Look through the data below and extract, unchanged, the lines from the one that contains "Definition enorm (d" to the one that contains "forall S1 S2", both included.

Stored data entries
------

(* Let $K:[0,\infty)\to(0,\infty)$ be non-increasing with $K(0)=1$, and for $\sigma>0$ let $K_\sigma(x)=K(x/\sigma)$. Let $\mathcal{X}=\{\mathbf{x}_1,\dots,\mathbf{x}_n\}\subset\mathbb{R}^d$ and let $\mathcal{C}_1,\dots,\mathcal{C}_k$ be a partition of $\mathcal{X}$ into nonempty sets. For each $l\in[k]$, suppose $\mathcal{C}_l$ is connected at distance $\delta_l$. Let $\mathbf{U}\in\mathbb{R}^{n\times n}$ have as columns the eigenvectors of the unnormalised Laplacian $\mathbf{L}$ of the graph $\mathcal{G}=(\mathcal{X},K_\sigma)$. Then for each $i,j\in[n]$, $l\in[k]$ with $\mathbf{x}_i,\mathbf{x}_j\in\mathcal{C}_l$, $$\|\mathbf{U}_{i,1:k}-\mathbf{U}_{j,1:k}\|\le \max_{m\in[k]} n^{1.5}k^{0.5}\sqrt{\frac{K_\sigma(d(\mathcal{C}_m,\mathcal{X}\setminus\mathcal{C}_m))}{K_\sigma(\delta_l)}}.$$
   Context: $[n]=\{1,\dots,n\}$; $\|\cdot\|$ is the Euclidean norm and $d(\mathbf{x},\mathbf{y})=\|\mathbf{x}-\mathbf{y}\|$. For sets $S,U\subset\mathbb{R}^d$, $d(S,U)=\inf_{\mathbf{x}\in S,\mathbf{y}\in U}d(\mathbf{x},\mathbf{y})$, with the convention $d(S,\emptyset)=\infty$. A set $S\subset\mathbb{R}^d$ is connected at distance $\delta$ if there is no partition of $S$ into $S_1,S_2$ with $d(S_1,S_2)>\delta$. The graph $\mathcal{G}=(\mathcal{X},K_\sigma)$ has affinity matrix $\mathbf{A}_{ij}=K_\sigma(\|\mathbf{x}_i-\mathbf{x}_j\|)$ (including $i=j$), degree matrix $\mathbf{D}$ diagonal with $\mathbf{D}_{ii}=\sum_j\mathbf{A}_{ij}$, and unnormalised Laplacian $\mathbf{L}=\mathbf{D}-\mathbf{A}$. ''The eigenvectors'' means an orthonormal eigenbasis arranged as columns so that the corresponding eigenvalues are in nondecreasing order. $\mathbf{U}_{i,1:k}$ denotes the first $k$ entries of row $i$. *)

From HB Require Import structures.
From mathcomp Require Import all_boot all_order all_algebra.
From mathcomp Require Import boolp classical_sets reals constructive_ereal.
Set Implicit Arguments. Unset Strict Implicit. Unset Printing Implicit Defensive.
Import Order.TTheory GRing.Theory Num.Theory.
Local Open Scope ring_scope.

Section Defs.
Variable R : realType.

Definition enorm (d : nat) (v : 'rV[R]_d) : R := Num.sqrt (\sum_(t < d) v 0 t ^+ 2).

(* d(S,U) for finite index sets of points x_i; +oo when S or U is empty *)
Definition setdist (n d : nat) (x : 'I_n -> 'rV[R]_d) (S U : {set 'I_n}) : \bar R :=
  \big[Order.min/+oo%E]_(i in S) \big[Order.min/+oo%E]_(j in U) (enorm (x i - x j))%:E.

Definition connected_at (n d : nat) (x : 'I_n -> 'rV[R]_d) (S : {set 'I_n}) (delta : R) : Prop :=
  forall S1 S2 : {set 'I_n}, S1 :|: S2 = S -> S1 :&: S2 = finset.set0 ->
    S1 != finset.set0 -> S2 != finset.set0 -> ~ (delta%:E < setdist x S1 S2)%E.

Definition Ksig (K : R -> R) (sigma : R) (t : \bar R) : R :=
  match t with
  | r%:E => K (r / sigma)
  | +oo%E => inf [set K s | s in [set s : R | 0 <= s]]
  | -oo%E => 1
  end.

Definition affinity (K : R -> R) (sigma : R) (n d : nat) (x : 'I_n -> 'rV[R]_d) : 'M[R]_n :=
  \matrix_(i, j) K (enorm (x i - x j) / sigma).
Definition degree_mx (n : nat) (A : 'M[R]_n) : 'M[R]_n :=
  diag_mx (\row_i \sum_j A i j).
Definition laplacian (K : R -> R) (sigma : R) (n d : nat) (x : 'I_n -> 'rV[R]_d) : 'M[R]_n :=
  degree_mx (affinity K sigma x) - affinity K sigma x.

Definition sorted_eigenbasis (n : nat) (L U : 'M[R]_n) : Prop :=
  U^T *m U = 1%:M /\
  exists lam : 'rV[R]_n, L *m U = U *m diag_mx lam /\
    (forall a b : 'I_n, (a <= b)%N -> lam 0 a <= lam 0 b).

Definition rowdist_first (n k : nat) (U : 'M[R]_n) (i j : 'I_n) : R :=
  Num.sqrt (\sum_(t < n | (t < k)%N) (U i t - U j t) ^+ 2).

End Defs.

From HB Require Import structures.
From mathcomp Require Import all_boot all_order all_algebra.
From mathcomp Require Import boolp classical_sets reals constructive_ereal.
From mathcomp Require Import ring lra zify.
Import Order.TTheory GRing.Theory Num.Theory.
Local Open Scope ring_scope.

(* Write M for the largest cut affinity max_m K_sigma(d(C_m, X \ C_m)).  A vector y
   constant on the clusters has Laplacian energy sum_ab A_ab (y_b - y_a)^2 <= 4 n M |y|^2,
   since only cross-cluster pairs contribute; the k-dimensional space of such vectors
   contains one orthogonal to the first k-1 eigenvectors, so lambda_k <= 2 n M.  For an
   eigenvector u among the first k, two points of the same cluster C_l are joined by a
   path of at most n-1 hops of length <= delta_l, each carrying affinity >= K_sigma(delta_l);
   Cauchy-Schwarz along the path gives K_sigma(delta_l) (u_i - u_j)^2 <= (n-1) 2 lambda_k,
   and summing over the k columns with 4 (n-1) <= n^2 gives the bound. *)

Section SquareSums.
Variable R : realDomainType.

Lemma sqr_sum_le_size {I : Type} (s : seq I) (f : I -> R) :
  (\sum_(i <- s) f i) ^+ 2 <= (size s)%:R * \sum_(i <- s) f i ^+ 2.
Proof.
set m := (size s)%:R; set sf := \sum_(i <- s) f i; set sf2 := \sum_(i <- s) f i ^+ 2.
have spread : \sum_(i <- s) \sum_(j <- s) (f i - f j) ^+ 2 = 2 * (m * sf2 - sf ^+ 2).
  have row_sum i : \sum_(j <- s) (f i - f j) ^+ 2 = m * f i ^+ 2 - 2 * f i * sf + sf2.
    under eq_bigr do rewrite sqrrB.
    rewrite !big_split /= sumrN big_const_seq count_predT iter_addr_0 sumrMnl.
    by rewrite -mulr_sumr -/sf -/sf2 -mulr_natl; ring.
  under eq_bigr do rewrite row_sum.
  rewrite !big_split /= sumrN big_const_seq count_predT iter_addr_0.
  by rewrite -mulr_sumr -mulr_suml -mulr_sumr -/sf -/sf2 -mulr_natl; ring.
rewrite -subr_ge0 -(pmulr_rge0 _ (ltr0n _ 2)) -spread.
by apply: sumr_ge0 => i _; apply: sumr_ge0 => j _; apply: sqr_ge0.
Qed.

Lemma sum_zip_sub {T : Type} (v : T -> R) (j : T) (p : seq T) :
  \sum_(q <- zip (j :: p) p) (v q.2 - v q.1) = v (last j p) - v j.
Proof.
elim: p j => [|b p IH] j /=; first by rewrite big_nil subrr.
by rewrite big_cons IH /=; ring.
Qed.

Lemma ler_sum_path {T : Type} (e : rel T) (F G : T * T -> R) (j : T) (p : seq T) :
  (forall a b, e a b -> F (a, b) <= G (a, b)) -> path e j p ->
  \sum_(q <- zip (j :: p) p) F q <= \sum_(q <- zip (j :: p) p) G q.
Proof.
move=> FG; elim: p j => [|b p IH] j /=; first by rewrite !big_nil.
by case/andP=> ejb pb; rewrite !big_cons /= lerD ?FG ?IH.
Qed.

Lemma sum_zip_uniq_le {T : finType} (F : T -> T -> R) (j : T) (p : seq T) :
  (forall a b, 0 <= F a b) -> uniq (j :: p) ->
  \sum_(q <- zip (j :: p) p) F q.1 q.2 <= \sum_a \sum_b F a b.
Proof.
move=> F0 p_uniq.
have F_row0 a : 0 <= \sum_b F a b by apply: sumr_ge0.
have zip_le : \sum_(q <- zip (j :: p) p) F q.1 q.2 <= \sum_(a <- j :: p) \sum_b F a b.
  elim: p j {p_uniq} => [|b p IH] j /=; first by rewrite big_nil big_seq1.
  rewrite big_cons [leRHS]big_cons lerD //=.
  by rewrite (bigD1 b) //= lerDl sumr_ge0.
apply: le_trans zip_le _; rewrite big_uniq // [leRHS](bigID (mem (j :: p))) /=.
by rewrite lerDl sumr_ge0.
Qed.

Lemma path_sqr_le {T : Type} (v : T -> R) (j : T) (p : seq T) :
  (v (last j p) - v j) ^+ 2 <= (size p)%:R * \sum_(q <- zip (j :: p) p) (v q.2 - v q.1) ^+ 2.
Proof.
rewrite -sum_zip_sub; have := sqr_sum_le_size (zip (j :: p) p) (fun q => v q.2 - v q.1).
by rewrite size_zip /= (minn_idPr (leqnSn _)).
Qed.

------

▶ **Output**
Definition enorm (d : nat) (v : 'rV[R]_d) : R := Num.sqrt (\sum_(t < d) v 0 t ^+ 2).

(* d(S,U) for finite index sets of points x_i; +oo when S or U is empty *)
Definition setdist (n d : nat) (x : 'I_n -> 'rV[R]_d) (S U : {set 'I_n}) : \bar R :=
  \big[Order.min/+oo%E]_(i in S) \big[Order.min/+oo%E]_(j in U) (enorm (x i - x j))%:E.

Definition connected_at (n d : nat) (x : 'I_n -> 'rV[R]_d) (S : {set 'I_n}) (delta : R) : Prop :=
  forall S1 S2 : {set 'I_n}, S1 :|: S2 = S -> S1 :&: S2 = finset.set0 ->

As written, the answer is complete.